**WHAT THE TASK REQUIRES**: For the entries that follow, restate word for word the line containing "cou H x = 0 /\", the line containing "(forall (k : C)", and every line that lies between them.

[Stored data]
....
(* Let $({\cal A},* )$ be a real quantum group (a $*$-Hopf algebra with coproduct $\Delta$, antipode $S$), let $\tau=*\circ S$, and let $g:{\cal A}\rightarrow{\bf C}$ be a character, i.e. a $*$-homomorphism of ${\cal A}$ into ${\bf C}$. Define ${\rm Ad}_g\,x=\sum_{(x)}g(S(x_{(1)}))\,g(x_{(3)})\,x_{(2)}$ for $x\in{\cal A}$. Let $r:{\cal A}\rightarrow{\cal K}$ be the projection that defines a right coisotropic quantum subgroup ${\cal K}$ of ${\cal A}$, and let $r_g[x]=r[{\rm Ad}_g^{-1}\,x]$, $x\in{\cal A}$. Then ${\rm Ker}\,r_g={\rm Ad}_g\,{\rm Ker}\,r$ is a $\tau$-invariant right ideal and two-sided coideal of ${\cal A}$, and it determines a right coisotropic quantum subgroup ${\cal K}_g$. The corresponding homogeneous space $B^{r_g}=\{a\in{\cal A}\,|\,({\rm id}\otimes r_g)\Delta a=a\otimes r_g(1)\}$ equals ${\rm Ad}_g\,B^r$, where $B^r=\{a\in{\cal A}\,|\,({\rm id}\otimes r)\Delta a=a\otimes r(1)\}$, and $B^{r_g}$ is isomorphic to $B^r$ as a left comodule algebra.
   Context: A real coisotropic quantum right subgroup $({\cal K},\tau_{\cal K})$ of a real quantum group $({\cal A},* )$ is a coalgebra and right ${\cal A}$-module ${\cal K}$ such that (i) there is a surjective linear map $r:{\cal A}\rightarrow{\cal K}$ which is a morphism of coalgebras and of right ${\cal A}$-modules (with ${\cal A}$ a module over itself via multiplication), and (ii) there is an antilinear map $\tau_{\cal K}:{\cal K}\rightarrow{\cal K}$ with $\tau_{\cal K}\circ r=r\circ\tau$, where $\tau=*\circ S$. Such subgroups correspond bijectively to $\tau$-invariant two-sided coideals that are right ideals in ${\cal A}$ (via ${\cal K}={\cal A}/{\rm Ker}\,r$). *)

From mathcomp Require Import all_boot all_algebra.
From mathcomp Require Import reals complex.
Set Implicit Arguments.
Unset Strict Implicit.
Unset Printing Implicit Defensive.
Import GRing.Theory Num.Theory.
Local Open Scope ring_scope.

Section Defs.
Variable R : realType.
Local Notation C := (R[i]).

(* Algebraic tensors.  An element of V (x) W is represented by a finite *)
(* list of simple tensors  sum_i v_i (x) w_i.  Two representations are  *)
(* equal in V (x) W iff they agree under all pure functionals f (x) h   *)
(* (pure functionals separate the points of an algebraic tensor product *)
(* of vector spaces).                                                   *)
Definition teq2 (V W : lmodType C) (s t : seq (V * W)) : Prop :=
  forall (f : {scalar V}) (h : {scalar W}),
    \sum_(p <- s) f p.1 * h p.2 = \sum_(p <- t) f p.1 * h p.2.

Definition teq3 (U V W : lmodType C) (s t : seq (U * V * W)) : Prop :=
  forall (e : {scalar U}) (f : {scalar V}) (h : {scalar W}),
    \sum_(p <- s) e p.1.1 * f p.1.2 * h p.2
    = \sum_(p <- t) e p.1.1 * f p.1.2 * h p.2.

(* Real quantum group = *-Hopf algebra over C.  The coproduct is given *)
(* in Sweedler form: cop x = [:: (x_(1), x_(2)); ...] (a representative *)
(* of Delta x in A (x) A).                                              *)
Record hopf_ops (A : algType C) := HopfOps {
  cop  : A -> seq (A * A);
  cou  : A -> C;
  ant  : A -> A;
  star : A -> A
}.

Section Hopf.
Variables (A : algType C) (H : hopf_ops A).

Definition scale_left (a : C) (s : seq (A * A)) :=
  [seq (a *: p.1, p.2) | p <- s].

Definition is_star_hopf : Prop :=
  [/\ [/\
      (forall (a : C) (x y : A),
         teq2 (cop H (a *: x + y)) (scale_left a (cop H x) ++ cop H y)),
      (forall x y : A,
         teq2 (cop H (x * y))
              [seq (p.1 * q.1, p.2 * q.2) | p <- cop H x, q <- cop H y]),
      teq2 (cop H 1) [:: (1, 1)] &
      (forall x : A,
         teq3 [seq (q.1, q.2, p.2) | p <- cop H x, q <- cop H p.1]
              [seq (p.1, q.1, q.2) | p <- cop H x, q <- cop H p.2])],
      [/\ forall (a : C) (x y : A), cou H (a *: x + y) = a * cou H x + cou H y,
          forall x y : A, cou H (x * y) = cou H x * cou H y,
          cou H 1 = 1,
          forall x : A, \sum_(p <- cop H x) cou H p.1 *: p.2 = x &
          forall x : A, \sum_(p <- cop H x) cou H p.2 *: p.1 = x],
      [/\ forall (a : C) (x y : A), ant H (a *: x + y) = a *: ant H x + ant H y,
          forall x : A, \sum_(p <- cop H x) ant H p.1 * p.2 = cou H x *: 1 &
          forall x : A, \sum_(p <- cop H x) p.1 * ant H p.2 = cou H x *: 1] &
      [/\ forall (a : C) (x y : A),
            star H (a *: x + y) = a^* *: star H x + star H y,
          forall x : A, star H (star H x) = x,
          forall x y : A, star H (x * y) = star H y * star H x &
          forall x : A,
            teq2 (cop H (star H x)) [seq (star H p.1, star H p.2) | p <- cop H x]]].

Definition tau (x : A) : A := star H (ant H x).

Definition is_character (g : A -> C) : Prop :=
  [/\ forall (a : C) (x y : A), g (a *: x + y) = a * g x + g y,
      forall x y : A, g (x * y) = g x * g y,
      g 1 = 1 &
      forall x : A, g (star H x) = (g x)^*].

Definition Ad (g : A -> C) (x : A) : A :=
  \sum_(p <- cop H x) \sum_(q <- cop H p.2) (g (ant H p.1) * g q.2) *: q.1.

Record cqs_ops (K : lmodType C) := CqsOps {
  kcop : K -> seq (K * K);
  kcou : K -> C;
  kact : K -> A -> K;
  ktau : K -> K
}.

Definition is_rcqs (K : lmodType C) (O : cqs_ops K) (r : A -> K) : Prop :=
  [/\
      [/\ forall (a : C) (k l : K),
            teq2 (kcop O (a *: k + l))
                 ([seq (a *: p.1, p.2) | p <- kcop O k] ++ kcop O l),
          forall (a : C) (k l : K), kcou O (a *: k + l) = a * kcou O k + kcou O l,
          forall k : K,
            teq3 [seq (q.1, q.2, p.2) | p <- kcop O k, q <- kcop O p.1]
                 [seq (p.1, q.1, q.2) | p <- kcop O k, q <- kcop O p.2],
          forall k : K, \sum_(p <- kcop O k) kcou O p.1 *: p.2 = k &
          forall k : K, \sum_(p <- kcop O k) kcou O p.2 *: p.1 = k],
      [/\ forall (a : C) (k l : K) (x : A),
            kact O (a *: k + l) x = a *: kact O k x + kact O l x,
          forall (a : C) (k : K) (x y : A),
            kact O k (a *: x + y) = a *: kact O k x + kact O k y,
          forall k : K, kact O k 1 = k &
          forall (k : K) (x y : A), kact O (kact O k x) y = kact O k (x * y)],
      [/\
      (forall (a : C) (x y : A), r (a *: x + y) = a *: r x + r y),
      (forall k : K, exists x : A, r x = k),
      (forall x : A, teq2 (kcop O (r x)) [seq (r p.1, r p.2) | p <- cop H x]
                     /\ kcou O (r x) = cou H x) &
      (forall x y : A, r (x * y) = kact O (r x) y)] &
      (forall (a : C) (k l : K), ktau O (a *: k + l) = a^* *: ktau O k + ktau O l)
      /\ (forall x : A, ktau O (r x) = r (tau x))].

Definition is_tau_rideal_coideal (I : A -> Prop) : Prop :=
  [/\ I 0,
      (forall (a : C) (x y : A), I x -> I y -> I (a *: x + y)),
      (forall x y : A, I x -> I (x * y)),
      (forall x : A, I x -> I (tau x)) &
      (* Delta I <= I (x) A + A (x) I  and  epsilon I = 0 *)
      (forall x : A, I x ->
         cou H x = 0 /\
         exists s : seq (A * A), teq2 s (cop H x) /\
           forall p, p \in s -> I p.1 \/ I p.2)].

Definition homsp (K : lmodType C) (r : A -> K) (a : A) : Prop :=
  teq2 [seq (p.1, r p.2) | p <- cop H a] [:: (a, r 1)].

Definition lcomod_alg_iso (B1 B2 : A -> Prop) : Prop :=
  exists phi : A -> A,
    [/\ (forall a, B1 a -> B2 (phi a)),
        (forall a b, B1 a -> B1 b -> phi a = phi b -> a = b)
        /\ (forall b, B2 b -> exists a, B1 a /\ phi a = b),
        (forall (k : C) a b, B1 a -> B1 b -> phi (k *: a + b) = k *: phi a + phi b),
        (phi 1 = 1 /\
         forall a b, B1 a -> B1 b -> phi (a * b) = phi a * phi b) &
        (forall a, B1 a ->
           exists s : seq (A * A),
             [/\ teq2 s (cop H a),
                 (forall p, p \in s -> B1 p.2) &
                 teq2 (cop H (phi a)) [seq (p.1, phi p.2) | p <- s]])].

End Hopf.
End Defs.

From HB Require Import structures.
From mathcomp Require Import all_boot all_algebra.
From mathcomp Require Import reals complex.
From mathcomp Require Import boolp classical_sets.
From mathcomp Require Import ring.
Import GRing.Theory Num.Theory.
Local Open Scope ring_scope.
Set Implicit Arguments. Unset Strict Implicit. Unset Printing Implicit Defensive.

(* Write L_f x = sum f(x_(1)) x_(2) and R_f x = sum f(x_(2)) x_(1) for the slice maps of a
   functional f, so that Ad_g = R_g o L_(g o S).  As g is a character with convolution
   inverse g o S, the slices L_g and R_g are algebra automorphisms with inverses
   L_(g o S) and R_(g o S); left and right slices commute, hence Ad_g is invertible with
   inverse Ad_(g o S) = R_(g o S) o L_g.  Moreover Ad_g is a coalgebra map (in
   (Ad_g (x) Ad_g) Delta the two middle factors cancel because g * (g o S) = eps),
   it preserves products and the counit, and it commutes with tau (via
   L_f o S = S o R_(f o S) and the *-structure).  So every defining property of Ker r is
   transported along Ad_g.  The comodule algebra isomorphism B^r -> B^(r_g) is R_g alone:
   R_g commutes with the left coaction Delta, and R_g = Ad_g o L_g where L_g preserves B^r.
   Equalities in A (x) A are tested on pure functionals f (x) h, which separate the
   algebraic tensor product; for arbitrary vector spaces this relies on linear
   projections onto subspaces, obtained from Zorn's lemma. *)

Section LinearFor.
Variables (R : pzRingType) (U : lmodType R) (V : zmodType) (s : GRing.Scale.law R V).
Variables (f : U -> V) (lf : GRing.linear_for s f).

Definition linear_pack : {linear U -> V | s} :=
  HB.pack f (GRing.isLinear.Build R U V s f lf).

Lemma lin0 : f 0 = 0. Proof. exact: (linear0 linear_pack). Qed.
Lemma linD x y : f (x + y) = f x + f y. Proof. exact: (linearD linear_pack). Qed.
Lemma linN x : f (- x) = - f x. Proof. exact: (linearN linear_pack). Qed.
Lemma lin_sum I r (P : pred I) (E : I -> U) :
  f (\sum_(i <- r | P i) E i) = \sum_(i <- r | P i) f (E i).
Proof. exact: (linear_sum linear_pack). Qed.

End LinearFor.

Lemma linZ (R : pzRingType) (U V : lmodType R) (f : U -> V) :
  linear f -> forall a x, f (a *: x) = a *: f x.
Proof. exact: scalable_linear. Qed.

Lemma linear_comp (R : pzRingType) (U V W : lmodType R) (f : U -> V) (h : W -> U) :
  linear f -> linear h -> linear (fun x => f (h x)).
Proof. by move=> lf lh k x y; rewrite lh lf. Qed.

Lemma scalZ (R : comPzRingType) (U : lmodType R) (f : U -> R) :
  scalar f -> forall a x, f (a *: x) = a * f x.
Proof. exact: scalable_linear. Qed.

Section Projections.
Variables (F : fieldType) (V : lmodType F).

Definition subspace (U : V -> Prop) :=
  U 0 /\ forall c x y, U x -> U y -> U (c *: x + y).

Lemma exists_complement (U : V -> Prop) : subspace U ->
  exists W : V -> Prop, [/\ subspace W, (forall x, W x -> U x -> x = 0) &
    forall x, exists u w, [/\ U u, W w & x = u + w]].
Proof.
move=> [U0 UD].
(* Zorn's lemma needs the empty chain, so [P] does not require [X 0]. *)
pose closed (X : set V) := forall c x y, X x -> X y -> X (c *: x + y).
pose P (X : set V) := closed X /\ forall x, X x -> U x -> x = 0.
have [W [[WD WU] Wmax]] : exists W, P W /\ forall X, (W `<` X)%classic -> ~ P X.
  apply: Zorn_bigcup => Fam FamP Famtot; split.
    move=> c x y [X FX Xx] [Y FY Yy].
    have [XY|YX] := Famtot _ _ FX FY.
    - by exists Y => //; apply: (FamP _ FY).1 => //; exact: XY.
    - by exists X => //; apply: (FamP _ FX).1 => //; exact: YX.
  by move=> x [X FX Xx]; apply: (FamP _ FX).2.
have proper_ext (X : set V) x : (W `<=` X)%classic -> X x -> ~ W x -> (W `<` X)%classic.
  by move=> WX Xx Wx; split => // XW; apply: Wx; exact: XW.
have W0 : W 0.
  apply: contrapT => NW0; apply: (Wmax (eq^~ 0)).
  - apply: (proper_ext _ 0) => // x Wx; exfalso; apply: NW0.
    by rewrite -(addNr x) -scaleN1r; exact: WD.
  - by split=> [c _ _ -> ->|//]; rewrite scaler0 addr0.
have Wdec x : exists u w, [/\ U u, W w & x = u + w].
  apply: contrapT => Nx.
  pose X y := exists c w, W w /\ y = w + c *: x.
  apply: (Wmax X); [apply: (proper_ext _ x)|split].
  - by move=> w Ww; exists 0, w; rewrite scale0r addr0.
  - by exists 1, 0; rewrite scale1r add0r.
  - by move=> Wx; apply: Nx; exists 0, x; rewrite add0r.
  - move=> c _ _ [c1 [w1 [Ww1 ->]]] [c2 [w2 [Ww2 ->]]].
    exists (c * c1 + c2), (c *: w1 + w2); split; first exact: WD.
    by rewrite scalerDr scalerA scalerDl addrACA.
  - move=> _ [c [w [Ww ->]]] Uy.
    have [c0|c0] := eqVneq c 0.
      by rewrite c0 scale0r addr0 in Uy *; exact: WU.
    exfalso; apply: Nx; exists (c^-1 *: (w + c *: x)), (- c^-1 *: w); split.
    + by rewrite -[_ *: _]addr0; exact: UD.
    + by rewrite -[_ *: w]addr0; exact: WD.
    + by rewrite scalerDr scalerA mulVf // scale1r scaleNr addrAC subrr add0r.
by exists W.
Qed.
....
**RESPONSE**:
         cou H x = 0 /\
         exists s : seq (A * A), teq2 s (cop H x) /\
           forall p, p \in s -> I p.1 \/ I p.2)].

Definition homsp (K : lmodType C) (r : A -> K) (a : A) : Prop :=
  teq2 [seq (p.1, r p.2) | p <- cop H a] [:: (a, r 1)].

Definition lcomod_alg_iso (B1 B2 : A -> Prop) : Prop :=
  exists phi : A -> A,
    [/\ (forall a, B1 a -> B2 (phi a)),
        (forall a b, B1 a -> B1 b -> phi a = phi b -> a = b)
        /\ (forall b, B2 b -> exists a, B1 a /\ phi a = b),
        (forall (k : C) a b, B1 a -> B1 b -> phi (k *: a + b) = k *: phi a + phi b),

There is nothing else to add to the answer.